Positioning of the hallux intraoperatively is the single most important factor in avoiding malunion. Unfortunately, many of the anatomic plating systems for first MTPJ fusion are designed with what we believe is an excessive amount of dorsiflexion. The resulting dorsiflexed malunion complication may not be detected until well into the postoperative course. There is a growing popularity among experienced surgeons today to utilize plating systems that have gone away from the 8–10 degrees of dorsiflexion to a more rectus position of 4–5 degrees. It has been suggested that the ideal position of the hallux is in 10–15 degrees of valgus and 15–30 degrees of dorsiflexion relative to the first metatarsal [1, 3, 4, 19, 28, 46, 47, 49–57]. Clinical dorsiflexion has also been recommended to be less than 15 degrees relative to the weight bearing surface (Fig. 13.5) [47, 58]. However, with these reported angles, patient function and specific foot type are not taken into account. In a study of 39 first MTPJ fusions, Aas et al. [45] measured arthrodesis positions radiographically and clinically along with the distribution of pressure under the foot using insoles with pressure sensors. While an increase in local pressure was observed under the pulp of the great toe in all patients, clinical measurements of 10 degrees of plantar flexion to 15 degrees of extension revealed a weak correlation between position and clinical outcome. In the author’s opinion, the hallux should be positioned parallel to the second toe in the transverse plane without any frontal plane rotation and light hallux purchase on the ground while weight bearing.
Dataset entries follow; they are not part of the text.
(* Let $G\neq 1$ be a finite group with $G=AB$ for subgroups $A,B$. The following are pairwise equivalent: (1) $G=AB$ is a core-factorisation. (2) There is a normal series $1=N_0\trianglelefteq N_1\trianglelefteq\cdots\trianglelefteq N_n=G$ of $G$ (all $N_i\trianglelefteq G$) such that for each $1\le i\le n$, either $N_i/N_{i-1}\le AN_{i-1}/N_{i-1}$ or $N_i/N_{i-1}\le BN_{i-1}/N_{i-1}$. (3) For every proper normal subgroup $K$ of $G$ there is a normal subgroup $M$ of $G$ with $K<M$ such that $M/K\le AK/K$ or $M/K\le BK/K$. Moreover, in (1) and (2), each term $N_i$ of such a (chief, resp. normal) series satisfies $N_i=(N_i\cap A)(N_i\cap B)$, and for $N_i\neq 1$ the factorisation $N_i=(N_i\cap A)(N_i\cap B)$ is again a core-factorisation.
   Context: All groups are finite. A subgroup $U$ of $G$ covers a section $V/W$ ($W\trianglelefteq V\le G$) if $W(U\cap V)=V$. If $1\neq G=AB$ is a product of subgroups $A$ and $B$, then $G=AB$ is called a core-factorisation if $G$ possesses a chief series each of whose chief factors is covered by $A$ or by $B$. *)

From HB Require Import structures.
From mathcomp Require Import all_boot all_order all_fingroup all_solvable.
Set Implicit Arguments. Unset Strict Implicit. Unset Printing Implicit Defensive.
Local Open Scope group_scope.

Definition covers (gT : finGroupType) (U V W : {set gT}) : Prop :=
  W * (U :&: V) = V.

Definition chief_series (gT : finGroupType) (G : {set gT})
  (N : nat -> {group gT}) (n : nat) : Prop :=
  N 0 = 1 :> {set gT} /\ N n = G :> {set gT} /\
  (forall i, 0 < i <= n -> chief_factor G (N i.-1) (N i)).

Definition normal_series (gT : finGroupType) (G : {set gT})
  (N : nat -> {group gT}) (n : nat) : Prop :=
  N 0 = 1 :> {set gT} /\ N n = G :> {set gT} /\
  (forall i, i <= n -> N i <| G) /\
  (forall i, 0 < i <= n -> N i.-1 \subset N i).

Definition core_factorisation (gT : finGroupType) (G A B : {set gT}) : Prop :=
  G != 1 /\ G = A * B /\
  exists (N : nat -> {group gT}) (n : nat),
    chief_series G N n /\
    (forall i, 0 < i <= n -> covers A (N i) (N i.-1) \/ covers B (N i) (N i.-1)).

Definition normal_series_cond (gT : finGroupType) (G A B : {set gT})
  (N : nat -> {group gT}) (n : nat) : Prop :=
  normal_series G N n /\
  (forall i, 0 < i <= n ->
     (N i / N i.-1 \subset (A * N i.-1) / N i.-1) \/
     (N i / N i.-1 \subset (B * N i.-1) / N i.-1)).

From mathcomp Require Import all_boot all_order all_fingroup all_solvable.
From mathcomp Require Import zify.
Set Implicit Arguments. Unset Strict Implicit. Unset Printing Implicit Defensive.
Local Open Scope group_scope.

(* Proof strategy.  All three conditions of the theorem are compared with
   one intermediate condition on a group H with subsets A and B:

     stepwise_covered H A B :  above every proper normal subgroup K of H
       lies a normal subgroup M of H with K < M and M <= K A or M <= K B.

   This is condition (3) with the quotients cleared (stepwise_coveredE).
   A normal series as in (2) gives it, not only for G but for every term
   N_i together with N_i :&: A and N_i :&: B: above K take the first term
   N_j not contained in K and M := K N_j (normal_series_stepwise).
   Conversely, iterating the condition from 1 yields a normal series as
   in (2) (normal_series_of_stepwise) and, after refining each step to a
   minimal one, a chief series as in (1) (chief_series_of_stepwise). *)

Section CoreFactorisation.

Variable gT : finGroupType.
Implicit Types G H K M X Y A B : {group gT}.

Definition stepwise_covered (H A B : {set gT}) : Prop :=
  forall K : {group gT}, K <| H -> K \proper H ->
    exists2 M : {group gT}, M <| H /\ K \proper M &
      M \subset K * A \/ M \subset K * B.

Lemma quotient_subE K (X U : {set gT}) : X \subset 'N(K) ->
  (X / K \subset (U * K) / K) = (X \subset K * U).
Proof. by move=> nKX; rewrite quotientMidr quotientSK. Qed.

Lemma coversE (U : {set gT}) (V W : {group gT}) :
  W \subset V -> covers U V W <-> V \subset W * U.
Proof.
move=> sWV; rewrite /covers; split=> [<- | sVWU]; first exact/mulgS/subsetIl.
apply/eqP; rewrite eqEsubset mul_subG ?subsetIr //= group_modl //.
by rewrite subsetI sVWU subxx.
Qed.

Lemma series_by_steps H (step : {group gT} -> {group gT} -> Prop) :
  (forall X, X <| H -> X \proper H ->
     exists2 Y : {group gT}, Y <| H /\ X \proper Y & step X Y) ->
  forall K, K <| H -> exists (N : nat -> {group gT}) (n : nat),
   [/\ N 0 = K, N n = H :> {set gT}, (forall i, i <= n -> N i <| H),
       (forall i, 0 < i <= n -> N i.-1 \proper N i) &
       (forall i, 0 < i <= n -> step (N i.-1) (N i))].
Proof.
move=> stepP K; have [m] := ubnP (#|H| - #|K|); elim: m K => // m IHm K ltm nsKH.
have [eKH | neKH] := eqVneq (gval K) (gval H).
  by exists (fun=> K), 0; split=> // i hi; lia.
have ltKH : K \proper H by rewrite properEneq neKH normal_sub.
have [Y [nsYH ltKY] stepKY] := stepP K nsKH ltKH.
have ltm' : #|H| - #|Y| < m.
  rewrite -ltnS (leq_trans _ ltm) //; apply: ltn_sub2l (proper_card ltKY).
  exact: leq_trans (proper_card ltKY) (subset_leq_card (normal_sub nsYH)).
have [N [n [N0 Nn nsNH ltN stepN]]] := IHm Y ltm' nsYH.
exists (fun i => if i is j.+1 then N j else K), n.+1; split=> //.
- by case=> [|i] hi //; apply: nsNH.
- by case=> [|[|i]] //= hi; [rewrite N0 | apply: (ltN i.+1)].
- by case=> [|[|i]] //= hi; [rewrite N0 | apply: (stepN i.+1)].
Qed.

Lemma normal_series_sub G (N : nat -> {group gT}) n : normal_series G N n ->
  forall j k, j <= k <= n -> N j \subset N k.
Proof.
case=> _ [_ [_ sN]] j; elim=> [|k IHk] /andP[le_jk le_kn].
  by have -> : j = 0 by lia.
have [-> // | ne_jk] := eqVneq j k.+1.
exact: subset_trans (IHk ltac:(lia)) (sN k.+1 ltac:(lia)).
Qed.

Lemma normal_series_cond_step G (A B : {set gT}) (N : nat -> {group gT}) n :
  normal_series_cond G A B N n -> forall i, 0 < i <= n ->
  N i \subset N i.-1 * A \/ N i \subset N i.-1 * B.
Proof.
case=> [[_ [_ [nsNG _]]] condN] i hi.
have nNi1 : N i \subset 'N(N i.-1).
  apply: subset_trans (normal_sub (nsNG i _)) (normal_norm (nsNG i.-1 _)); lia.
by rewrite -!quotient_subE //; apply: condN.
Qed.

Lemma normal_series_factor G A B (N : nat -> {group gT}) n :
  A \subset G -> B \subset G -> normal_series_cond G A B N n ->
  forall i, i <= n -> N i :=: (N i :&: A) * (N i :&: B).
Proof.
move=> sAG sBG condN; have [[N0 [_ [nsNG sN]]] _] := condN.
elim=> [_ | i IHi le_in].
  by rewrite N0 !setI1g mulg1.
apply/eqP; rewrite eqEsubset mul_subG ?subsetIl //= andbT.
have sNi := sN i.+1 le_in; have defNi := IHi (ltnW le_in).
have nNiG := normal_norm (nsNG i (ltnW le_in)).
have [sNiA | sNiB] := normal_series_cond_step condN (i := i.+1) le_in.
- (* N (i+1) <= N i A = A (N i :&: B), then use Dedekind's modular law. *)
  have nNiA : A \subset 'N(N i) := subset_trans sAG nNiG.
  rewrite -(normC nNiA) {1}defNi mulgA (mulGSid (subsetIr _ _)) in sNiA.
  apply: subset_trans (_ : _ \subset (N i.+1 :&: A) * (N i :&: B)) _.
    by rewrite group_modr ?subsetI ?sNiA ?subxx // (subset_trans (subsetIl _ _) sNi).
  by apply/mulgS/setSI.
- (* N (i+1) <= N i B = (N i :&: A) B, then use Dedekind's modular law. *)
  rewrite {1}defNi -mulgA (mulSGid (subsetIr _ _)) in sNiB.
  apply: subset_trans (_ : _ \subset (N i :&: A) * (B :&: N i.+1)) _.
    by rewrite group_modl ?subsetI ?sNiB ?subxx // (subset_trans (subsetIl _ _) sNi).
  by apply: mulgSS; [apply: setSI | rewrite setIC].
Qed.

(* A series as in (2) makes every term N i stepwise covered by its
   intersections with A and B: above K take K N j for the first term N j
   not contained in K. *)
Lemma normal_series_stepwise G A B (N : nat -> {group gT}) n :
  normal_series_cond G A B N n ->
  forall i, i <= n -> stepwise_covered (N i) (N i :&: A) (N i :&: B).
Proof.
move=> condN i le_in K nsKNi ltKNi.
have [[N0 [_ [nsNG _]]] _] := condN.
have nsNiG := nsNG i le_in.
have nsubNiK : ~~ (N i \subset K) by move: ltKNi; rewrite properE => /andP[].
have [j nsubNjK minj] := ex_minnP (ex_intro (fun j => ~~ (N j \subset K)) i nsubNiK).
have le_ji : j <= i := minj i nsubNiK.
have j_gt0 : 0 < j by move: nsubNjK; case: (j) => //; rewrite N0 sub1G.
have sNj1K : N j.-1 \subset K by apply: contraT => /minj; lia.
have nsNjG := nsNG j ltac:(lia).
have sNjNi : N j \subset N i by apply: normal_series_sub condN.1 _ _ _; lia.
have nNjK : K \subset 'N(N j).
  exact: subset_trans (subset_trans (normal_sub nsKNi) (normal_sub nsNiG))
                      (normal_norm nsNjG).
exists (K <*> N j)%G; first split.
- exact: normalY nsKNi (normalS sNjNi (normal_sub nsNiG) nsNjG).
- rewrite properE joing_subl /=; apply: contra nsubNjK.
  exact: subset_trans (joing_subr _ _).
- (* K N j <= K N (j-1) U = K U, and K N j <= N i, so Dedekind's law applies. *)
  have sKNjNi : K * N j \subset N i := mul_subG (normal_sub nsKNi) sNjNi.
  rewrite /= norm_joinEl // !(setIC (N i)).
  have [sNjU | sNjU] := normal_series_cond_step condN (i := j) ltac:(lia);
    [left | right]; rewrite group_modl ?(normal_sub nsKNi) // subsetI sKNjNi andbT;
    by apply: subset_trans (mulgS K sNjU) _; rewrite mulgA mulGSid.
Qed.

(* Every normal step K < M of H can be refined to a chief factor K < M'
   of H with M' <= M: take M' minimal among the normal subgroups of H
   strictly between K and M. *)
Lemma chief_factor_below H K M : K <| H -> K \proper M -> M <| H ->
  exists2 M' : {group gT}, chief_factor H K M' & M' \subset M.
Proof.
move=> nsKH ltKM nsMH.
pose P (Y : {group gT}) := [&& K \proper Y, Y \subset M & H \subset 'N(Y)].
have [M' minM'] : {M' : {group gT} | mingroup M' P}.
  by apply: ex_mingroup; exists M; rewrite /P ltKM subxx normal_norm.
case/mingroupP: minM' => /and3P[ltKM' sM'M nM'H] minM'.
have sM'H : M' \subset H := subset_trans sM'M (normal_sub nsMH).
exists M' => //; rewrite /chief_factor /normal sM'H nM'H !andbT.
apply/maxgroupP; split; first by rewrite ltKM' normal_norm.
move=> Y /andP[ltYM' nYH] sKY.
apply/eqP; rewrite eqEsubset sKY andbT; apply: contraT => nsubYK.
have ltKY : K \proper Y by rewrite properE sKY nsubYK.
have sYM := subset_trans (proper_sub ltYM') sM'M.
have eYM' : Y :=: M' by apply: minM'; rewrite ?proper_sub // /P ltKY sYM nYH.
by rewrite eYM' properxx in ltYM'.
Qed.

Lemma chief_series_of_stepwise H (A B : {set gT}) : stepwise_covered H A B ->
  exists (N : nat -> {group gT}) (n : nat), chief_series H N n /\
    (forall i, 0 < i <= n -> covers A (N i) (N i.-1) \/ covers B (N i) (N i.-1)).
Proof.
move=> stepH.
pose step K M := chief_factor H K M /\ (covers A M K \/ covers B M K).
have stepP K : K <| H -> K \proper H ->
    exists2 M : {group gT}, M <| H /\ K \proper M & step K M.
  move=> nsKH ltKH; have [M [nsMH ltKM] covM] := stepH K nsKH ltKH.
  have [M' chiefM' sM'M] := chief_factor_below nsKH ltKM nsMH.
  have ltKM' : K \proper M' by case/andP: chiefM' => /maxnormal_proper.
  exists M'; first by case/andP: chiefM'.
  split=> //; case: covM => sMKU; [left | right];
    by apply/(coversE _ (proper_sub ltKM'))/(subset_trans sM'M).
have [N [n [N0 Nn _ _ stepN]]] := series_by_steps stepP (normal1 H).
exists N, n; split; first by split; [rewrite N0 | split=> // i /stepN[]].
by move=> i /stepN[].
Qed.

Lemma normal_series_of_stepwise G A B : stepwise_covered G A B ->
  exists (N : nat -> {group gT}) (n : nat), normal_series_cond G A B N n.
Proof.
move=> stepG.
have [N [n [N0 Nn nsNG ltN covN]]] :=
  series_by_steps (step := fun K M => M \subset K * A \/ M \subset K * B) stepG
    (normal1 G).
exists N, n; split.
  by split; [rewrite N0 | do 2 split=> //; move=> i /ltN/proper_sub].
move=> i hi; have nNi1 : N i \subset 'N(N i.-1).
  apply: subset_trans (normal_sub (nsNG i _)) (normal_norm (nsNG i.-1 _)); lia.
by rewrite !quotient_subE //; apply: covN.
Qed.

Lemma stepwise_coveredE G A B : stepwise_covered G A B <->
  (forall K : {group gT}, K <| G -> K \proper G ->
     exists2 M : {group gT}, M <| G /\ K \proper M &
       (M / K \subset (A * K) / K) \/ (M / K \subset (B * K) / K)).
Proof.
have nKM K M : K <| G -> M <| G -> M \subset 'N(K).
  by move=> nsKG nsMG; apply: subset_trans (normal_sub nsMG) (normal_norm nsKG).
by split=> stepG K nsKG ltKG; have [M [nsMG ltKM] covM] := stepG K nsKG ltKG;
  exists M; rewrite // !quotient_subE ?nKM in covM *.
Qed.

Lemma chief_series_cond G A B (N : nat -> {group gT}) n :
  chief_series G N n ->
  (forall i, 0 < i <= n -> covers A (N i) (N i.-1) \/ covers B (N i) (N i.-1)) ->
  normal_series_cond G A B N n.
Proof.
case=> N0 [Nn chiefN] covN.
have stepN i : 0 < i <= n ->
    [/\ N i.-1 \proper N i, G \subset 'N(N i.-1) & N i <| G].
  by case/chiefN/andP => /maxgroupp/andP[].
split.
  do 3 split=> //.
    by case=> [|i] hi; [rewrite N0 normal1 | case: (stepN i.+1 hi)].
  by move=> i /stepN[/proper_sub].
move=> i hi; have [ltN nNG nsNG] := stepN i hi.
have nNN := subset_trans (normal_sub nsNG) nNG.
by rewrite !quotient_subE // -!coversE ?proper_sub //; apply: covN.
Qed.

Lemma normal_series_terms G A B (N : nat -> {group gT}) n :
  A \subset G -> B \subset G -> normal_series_cond G A B N n ->
  forall i, i <= n -> N i :=: (N i :&: A) * (N i :&: B) /\
    (N i :!=: 1 -> core_factorisation (N i) (N i :&: A) (N i :&: B)).
Proof.
move=> sAG sBG condN i le_in; have defNi := normal_series_factor sAG sBG condN le_in.
split=> // ntNi; split=> //; split=> //.
exact: chief_series_of_stepwise (normal_series_stepwise condN le_in).
Qed.

End CoreFactorisation.

Unset Implicit Arguments.

Theorem mainTheorem1 (gT : finGroupType) (G A B : {group gT})
  (ntG : G :!=: 1) (defG : G :=: A * B) :
  (* (1) <-> (2) *)
  (core_factorisation G A B <->
     exists (N : nat -> {group gT}) (n : nat), normal_series_cond G A B N n) /\
  (* (2) <-> (3) *)
  ((exists (N : nat -> {group gT}) (n : nat), normal_series_cond G A B N n) <->
     (forall K : {group gT}, K <| G -> K \proper G ->
        exists2 M : {group gT}, M <| G /\ K \proper M &
          (M / K \subset (A * K) / K) \/ (M / K \subset (B * K) / K))) /\
  (* moreover, for chief series as in (1) *)
  (forall (N : nat -> {group gT}) (n : nat),
     chief_series G N n ->
     (forall i, 0 < i <= n -> covers A (N i) (N i.-1) \/ covers B (N i) (N i.-1)) ->
     forall i, i <= n ->
       N i :=: (N i :&: A) * (N i :&: B) /\
       (N i :!=: 1 -> core_factorisation (N i) (N i :&: A) (N i :&: B))) /\
  (* moreover, for normal series as in (2) *)
  (forall (N : nat -> {group gT}) (n : nat),
     normal_series_cond G A B N n ->
     forall i, i <= n ->
       N i :=: (N i :&: A) * (N i :&: B) /\
       (N i :!=: 1 -> core_factorisation (N i) (N i :&: A) (N i :&: B))).
Proof.
have sAG : A \subset G by rewrite defG mulG_subl.
have sBG : B \subset G by rewrite defG mulG_subr.
(* G is the last term of a series as in (2), and G :&: A = A, G :&: B = B. *)
have stepG N n : normal_series_cond G A B N n -> stepwise_covered G A B.
  move=> condN; have := normal_series_stepwise condN (leqnn n).
  by rewrite condN.1.2.1 (setIidPr sAG) (setIidPr sBG).
split; [split | split; [split | split]].
- by case=> _ [_ [N [n [chiefN covN]]]]; exists N, n; apply: chief_series_cond.
- by case=> N [n /stepG /chief_series_of_stepwise csG]; split=> //; split.
- by case=> N [n /stepG /stepwise_coveredE].
- by move/stepwise_coveredE/normal_series_of_stepwise.
- move=> N n chiefN covN.
  exact: normal_series_terms sAG sBG (chief_series_cond chiefN covN).
- by move=> N n; apply: normal_series_terms sAG sBG.
Qed.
The unrecognized complication when fusing the hallux off of the weight bearing surface is that the fixed position of the sesamoids following arthrodesis elevates the entire first ray, leading to lack of hallux purchase and ultimately a painful HIPJ flexion contracture.
Fig. 13.5
Intraoperative maneuver simulating weight bearing, appropriate positioning of hallux
Treatment of HIPJ flexion contracture may require flexor hallucis longus tenotomy, HIPJ arthroplasty, or fusion. Treatment of a dorsiflexed HIPJ complication may require extensor hallucis longus tenotomy, HIPJ arthroplasty, or fusion (Figs. 13.6 and 13.7). Patient variants of first metatarsal declination angle should discourage the surgeon from basing their fusion off of radiographic angles, but rather clinical positioning of the hallux. When utilizing minimal fixation constructs for attempted fusion, such as crossing K-wires, staples, or cannulated screws, patient noncompliance, specifically early weight bearing, may contribute to malunion as well.
Fig. 13.6
(a) Clinical post first MTPJ arthrodesis with hallux extensus . (b, c) Intraoperative extensor hallucis longus tenotomy
Fig. 13.7
Radiograph demonstrating HIPJ arthroplasty with first MTPJ arthrodesis
Conservative treatment for a malunion should include accommodative shoegear, orthotics, toe spacers, and routine callus care (Fig. 13.8). When conservative measures fail, surgical intervention should be considered. In a systematic review, Roukis [14] reported a 6.1% (39 of 640) malunion rate with dorsal malalignment accounting for a majority 87.1% and valgus malunion occurring in the remaining instances. No mention was made as to the number of symptomatic malunions or the need for revision.
Fig. 13.8
(a, b) Conservative affect of heel lift for a dorsiflexed malunion of the first MTPJ
Revisional first MTPJ arthrodesis secondary to malunion is scarcely reported and researched. Sagittal plane malunions can be revised utilizing a plantar wedge osteotomy, crescentic osteotomy [59], dorsal opening wedge osteotomy [48], or trapezoid osteotomy. All of these techniques are extremely technical and require thoughtful surgical consideration. Quite often, these malunions are multi-planar in nature.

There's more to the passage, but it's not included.